Geography
- Location: Prince Faisal Bin Fahad Road, Al - Aqrabiyya, Eastern Region, Khobar, Saudi Arabia
- Coordinates: 26°18′08″N 50°12′02″E﻿ / ﻿26.3021654°N 50.200467°E

Organisation
- Type: Teaching Specialist
- Affiliated university: Saad Training Institute Saad College of Nursing

Services
- Standards: JCI
- Beds: 750

History
- Founded: 1997

Links
- Website: www.sainternational.us/saad-specialist-hospital/
- Lists: Hospitals in Saudi Arabia
- Other links: List of hospitals in Saudi Arabia

= Saad Specialist Hospital =

Saad Specialist Hospital, often abbreviated as SSH, is a private hospital in Khobar, Saudi Arabia. It was initially owned and operated by the Saad Group, founded in 2001 by a businessman, Maan Abdul Wahed Al-Sanea. SSH is a JCI accredited hospital. As of 2020, it is managed by SA International.
It later went bankrupt and closed in 2017.

==History==
Saad Specialist Hospital was founded as Saad Specialist Clinic on 1997, although their first patient was only admitted in 2001. It has a 600-bed capacity.

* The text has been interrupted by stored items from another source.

(* Suppose A1–A3 hold and that $\nu_k\to0$. Let $C>0$ be such that $\nu_k\le C$ for all $k$, and for each $\delta>0$ let $k_0(\delta)$ be a positive integer such that $\nu_k\le\delta$ for all $k\ge k_0(\delta)$. Let $\{x_k\}$ be generated by Algorithm 1, let $\epsilon>0$ and $\delta=\kappa_c\epsilon^2/2$. If $T$ is a positive integer with $$T\ge\max\left\{\frac{2k_0(\delta/2)C}{\delta},\ 1+k_0(\delta/2),\ \frac{2(f(x_0)-f_{low})}{\kappa_c\epsilon^2}\right\},$$ then $\min_{k=0,\dots,T-1}\|\nabla f(x_k)\|\le\epsilon$. In particular, if $M>0$ is a constant, $0\le\nu_0\le M$ and $\nu_k=M/k$ for all $k\ge1$, then $\min_{k=0,\dots,T-1}\|\nabla f(x_k)\|\le\epsilon$ holds whenever $$T\ge\max\left\{\frac{16M^2}{\kappa_c^2\epsilon^4},\ 1+\frac{4M}{\kappa_c\epsilon^2},\ \frac{2(f(x_0)-f_{low})}{\kappa_c\epsilon^2}\right\}.$$
   Context: Let $(X,\langle\cdot,\cdot\rangle)$ be a real Hilbert space with induced norm $\|\cdot\|$, and $f:X\to\mathbb{R}$ Fréchet differentiable with gradient $\nabla f$. Algorithm 1 (general non-monotone descent algorithm): parameters $x_0\in X$, $\alpha_0>0$, $\beta,\rho\in(0,1)$. For $k=0,1,2,\dots$: choose $d_k\in X$ with $\langle\nabla f(x_k),d_k\rangle<0$; then for $l=0,1,2,\dots$ choose a number $\nu_{k,l}\ge 0$ and test $$f(x_k+\alpha_k\beta^l d_k)\le f(x_k)+\rho\alpha_k\beta^l\langle\nabla f(x_k),d_k\rangle+\nu_{k,l};$$ let $l_k$ be the first $l$ for which this holds, set $\nu_k:=\nu_{k,l_k}$, $x_{k+1}=x_k+\alpha_k\beta^{l_k}d_k$ and $\alpha_{k+1}=\alpha_k\beta^{l_k-1}$. It is assumed the algorithm generates infinite sequences (all $l_k$ finite). Assumptions: A1: $\nabla f$ is Lipschitz continuous with constant $L>0$. A2: there is $f_{low}\in\mathbb{R}$ with $f(x)\ge f_{low}$ for all $x\in X$. A3: there are constants $c_1,c_2>0$ with $\langle\nabla f(x_k),d_k\rangle\le -c_1\|\nabla f(x_k)\|^2$ and $\|d_k\|\le c_2\|\nabla f(x_k)\|$ for all $k$. Constant: $\kappa_c=\min\left\{\rho\beta\alpha_0c_1,\ \frac{2\beta\rho(1-\rho)c_1^2}{Lc_2^2}\right\}$. *)

From Stdlib Require Import Reals Lra Lia ZArith.
Open Scope R_scope.
Set Implicit Arguments.

Record Hilbert := {
  H :> Type;
  hzero : H;
  hadd : H -> H -> H;
  hopp : H -> H;
  hscal : R -> H -> H;
  inner : H -> H -> R;
  hadd_assoc : forall x y z, hadd x (hadd y z) = hadd (hadd x y) z;
  hadd_comm : forall x y, hadd x y = hadd y x;
  hadd_0 : forall x, hadd x hzero = x;
  hadd_opp : forall x, hadd x (hopp x) = hzero;
  hscal_1 : forall x, hscal 1 x = x;
  hscal_assoc : forall a b x, hscal a (hscal b x) = hscal (a * b) x;
  hscal_distr_l : forall a x y, hscal a (hadd x y) = hadd (hscal a x) (hscal a y);
  hscal_distr_r : forall a b x, hscal (a + b) x = hadd (hscal a x) (hscal b x);
  inner_sym : forall x y, inner x y = inner y x;
  inner_add_l : forall x y z, inner (hadd x y) z = inner x z + inner y z;
  inner_scal_l : forall a x y, inner (hscal a x) y = a * inner x y;
  inner_pos : forall x, 0 <= inner x x;
  inner_def : forall x, inner x x = 0 -> x = hzero;
  hcomplete : forall u : nat -> H,
    (forall eps, eps > 0 -> exists N, forall m n, (m >= N)%nat -> (n >= N)%nat ->
        sqrt (inner (hadd (u m) (hopp (u n))) (hadd (u m) (hopp (u n)))) < eps) ->
    exists l, forall eps, eps > 0 -> exists N, forall n, (n >= N)%nat ->
        sqrt (inner (hadd (u n) (hopp l)) (hadd (u n) (hopp l))) < eps
}.

Definition hnorm {X : Hilbert} (x : X) : R := sqrt (inner X x x).
Definition hsub {X : Hilbert} (x y : X) : X := hadd X x (hopp X y).

Definition is_gradient (X : Hilbert) (f : X -> R) (g : X -> X) : Prop :=
  forall x eps, eps > 0 -> exists delta, delta > 0 /\
    forall h : X, hnorm h < delta ->
      Rabs (f (hadd X x h) - f x - inner X (g x) h) <= eps * hnorm h.

(* Algorithm 1 (general non-monotone descent algorithm). nu k l = nu_{k,l},
   lk k = l_k; the accepted value is nu_k = nu k (lk k). *)
Definition algorithm1 (X : Hilbert) (f : X -> R) (g : X -> X)
  (beta rho : R) (x : nat -> X) (d : nat -> X) (alpha : nat -> R)
  (nu : nat -> nat -> R) (lk : nat -> nat) : Prop :=
  alpha 0%nat > 0 /\ 0 < beta < 1 /\ 0 < rho < 1 /\
  forall k,
    inner X (g (x k)) (d k) < 0 /\
    (forall l, 0 <= nu k l) /\
    (f (hadd X (x k) (hscal X (alpha k * beta ^ lk k) (d k)))
       <= f (x k) + rho * (alpha k * beta ^ lk k) * inner X (g (x k)) (d k) + nu k (lk k)) /\
    (forall l, (l < lk k)%nat ->
       ~ (f (hadd X (x k) (hscal X (alpha k * beta ^ l) (d k)))
          <= f (x k) + rho * (alpha k * beta ^ l) * inner X (g (x k)) (d k) + nu k l)) /\
    x (S k) = hadd X (x k) (hscal X (alpha k * beta ^ lk k) (d k)) /\
    alpha (S k) = alpha k * powerRZ beta (Z.of_nat (lk k) - 1).

Definition kappa_c (alpha0 beta rho c1 c2 L : R) : R :=
  Rmin (rho * beta * alpha0 * c1) (2 * beta * rho * (1 - rho) * c1 ^ 2 / (L * c2 ^ 2)).

(* min_{k = 0..T-1} u k  (meaningful for T >= 1). *)
Fixpoint minseq (u : nat -> R) (T : nat) : R :=
  match T with
  | O => u O
  | S O => u O
  | S ((S _) as n) => Rmin (minseq u n) (u n)
  end.

(* Combining the failed Armijo test with the descent lemma for the L-Lipschitz
   gradient shows that every accepted step is at least
   beta * min (alpha_0, 2 (1 - rho) c1 / (L c2^2)), so by A3 each iteration
   decreases f by at least kappa_c |grad f (x_k)|^2, up to the error nu_k.
   Telescoping and A2 give
     kappa_c * sum_{k<T} |grad f (x_k)|^2 <= f (x_0) - f_low + sum_{k<T} nu_k.
   The bounds on T make each term on the right at most T kappa_c eps^2 / 2
   (in the second case through sum_{k<T} nu_k <= 2 M sqrt T), hence
   min_{k<T} |grad f (x_k)| <= eps. *)

From Stdlib Require Import Reals Lra Lia ZArith.
From Coquelicot Require Import Coquelicot.
Open Scope R_scope.

Section HilbertFacts.
Variable X : Hilbert.

Lemma inner_0_l (v : X) : inner X (hzero X) v = 0.
Proof.
  pose proof (inner_add_l X (hzero X) (hzero X) v) as E.
  rewrite hadd_0 in E. lra.
Qed.

Lemma inner_opp_l (a v : X) : inner X (hopp X a) v = - inner X a v.
Proof.
  pose proof (inner_add_l X a (hopp X a) v) as E.
  rewrite hadd_opp, inner_0_l in E. lra.
Qed.

Lemma inner_sub_l (a b v : X) : inner X (hsub a b) v = inner X a v - inner X b v.
Proof. unfold hsub. rewrite inner_add_l, inner_opp_l. ring. Qed.

Lemma inner_add_r (v a b : X) : inner X v (hadd X a b) = inner X v a + inner X v b.
Proof. rewrite !(inner_sym X v), inner_add_l. reflexivity. Qed.

Lemma inner_scal_r t (v a : X) : inner X v (hscal X t a) = t * inner X v a.
Proof. rewrite !(inner_sym X v), inner_scal_l. reflexivity. Qed.

Lemma inner_0_r (v : X) : inner X v (hzero X) = 0.
Proof. rewrite inner_sym. apply inner_0_l. Qed.

Lemma hscal_0_l (v : X) : hscal X 0 v = hzero X.
Proof.
  assert (Hdouble : hscal X 0 v = hadd X (hscal X 0 v) (hscal X 0 v)).
  { rewrite <- hscal_distr_r. f_equal. ring. }
  rewrite <- (hadd_opp X (hscal X 0 v)).
  rewrite Hdouble at 2. rewrite <- hadd_assoc, hadd_opp, hadd_0. reflexivity.
Qed.

Lemma hadd_hscal_split (y v : X) s t :
  hadd X y (hscal X (s + t) v) = hadd X (hadd X y (hscal X s v)) (hscal X t v).
Proof. rewrite hscal_distr_r, hadd_assoc. reflexivity. Qed.

Lemma hsub_hadd_l (y v : X) : hsub (hadd X y v) y = v.
Proof. unfold hsub. rewrite (hadd_comm X y), <- hadd_assoc, hadd_opp, hadd_0. reflexivity. Qed.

The Saad Group went into debt and closed in 2017. The hospital is currently managed by SA International.

==Certification==
Saad Specialist Hospital has received accreditation from the Joint Commission International (JCI), the Canadian Council on Health Services Accreditation (CCHSA), and the Australian Council on Healthcare Standards International (ACHSI).

==Saad College of Nursing and Allied Health Sciences==
The Saad College of Nursing and Allied Health Sciences is located on the hospital grounds. It was established in a unique partnership program with the University of Ulster.